Robert D. JADER and Saber Systems, Inc., Plaintiffs, v. PRINCIPAL MUTUAL LIFE INSURANCE COMPANY, formerly known as The Bankers Life, Defendant.
    Civ. No. 4-87-574.
    United States District Court, D. Minnesota, Fourth Division.
    Jan. 3, 1989.
    
      Richard Newgren, Bloomington, Minn., for plaintiffs.
    Timothy E. Branson, Dorsey & Whitney, Minneapolis, Minn., for defendant.
   MEMORANDUM OPINION AND ORDER

DIANA E. MURPHY, District Judge.

Plaintiffs Robert Jader and Saber Systems, Inc., seek payment of benefits from defendant Principal Mutual Life Insurance Company (Principal) under a group comprehensive medical insurance policy. Jurisdiction is alleged under 28 U.S.C. §§ 1331 and 1332. Now before this court are several appeals and Principal’s motion for summary judgment and judgment on the pleadings.

Jader was injured in an automobile accident on August 20, 1985. His no-fault automobile insurer, American Family Insurance Co., paid him $60,000 in benefits to cover part of his medical expenses. Jader was also insured by Principal under a group comprehensive medical insurance policy through his employer, Saber Systems. Principal refused to pay Jader for the medical expenses that had already been covered by American Family. It based its refusal on a provision in its policy coordinating benefits with Jader’s no-fault auto insurance. Principal did pay benefits for Jader’s remaining medical expenses with the exception of a $4,500 claim for dental benefits which it asserted were not covered by the policy.

On May 28, 1987, plaintiffs filed this action in Minnesota state court seeking $4,500 for the dental benefits claim and $59,000 for the coordinated medical expenses claim. Principal removed the suit to this court alleging diversity and federal question jurisdiction. Plaintiffs subsequently amended their complaint but did not make any additional claims.

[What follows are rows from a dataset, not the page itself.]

(* Let $\vec a=(a_1,\dots,a_n)\in\mathbb R^n_{>0}$, $\Sigma=\partial E(\vec a)$ and $Z=Z_{\vec a}:=2\pi\sum_{j=1}^n\frac1{a_j}(x_j\partial_{x_j}+y_j\partial_{y_j})$. Let $\alpha=\lambda_{std}|_\Sigma$ and let $\beta$ be the one-form on $\Sigma$ with $\ker\beta=T\Sigma\cap iT\Sigma$ and $\beta(iZ)=1$. Then there is a diffeomorphism $G:\partial E(\vec a)\to\partial E(\vec a)$ such that $G^*\alpha=\beta$.
   Context: $E(\vec a)=\{z\in\mathbb C^n:\pi\sum_j|z_j|^2/a_j\le1\}$, $z_j=x_j+iy_j$, $\lambda_{std}=\frac12\sum_j(x_jdy_j-y_jdx_j)$, and $i$ is the standard complex structure. *)

From HB Require Import structures.
From mathcomp Require Import all_boot all_order all_algebra.
From mathcomp Require Import all_classical all_reals all_analysis.
Set Implicit Arguments. Unset Strict Implicit. Unset Printing Implicit Defensive.
Import Order.TTheory GRing.Theory Num.Theory.
Import numFieldNormedType.Exports.
Local Open Scope classical_set_scope.
Local Open Scope ring_scope.

(* C^n is modelled as R^n x R^n : z = (x, y),
   with z_j = x_j + i y_j, x_j = (z.1) 0 j, y_j = (z.2) 0 j. *)
Definition Cn (R : realType) (n : nat) := ('rV[R]_n * 'rV[R]_n)%type.

Section Defs.
Variables (R : realType) (n : nat).

Definition xc (p : Cn R n) (j : 'I_n) : R := p.1 0 j.
Definition yc (p : Cn R n) (j : 'I_n) : R := p.2 0 j.

Definition ellQ (a : 'I_n -> R) (p : Cn R n) : R :=
  pi * \sum_(j < n) (xc p j ^+ 2 + yc p j ^+ 2) / a j.

Definition ellipsoid (a : 'I_n -> R) : set (Cn R n) := [set p | ellQ a p <= 1].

Principal has appealed from two orders issued by United States Magistrate Bernard P. Becker on February 29, 1988. It appeals from the portion of the first order (paragraphs 1 and 2) which required Principal to respond to interrogatories and document requests and to make some of its employees available for depositions. Principal appeals from the entire second February 29 order which determined that certain documents were not protected by the attorney-client privilege.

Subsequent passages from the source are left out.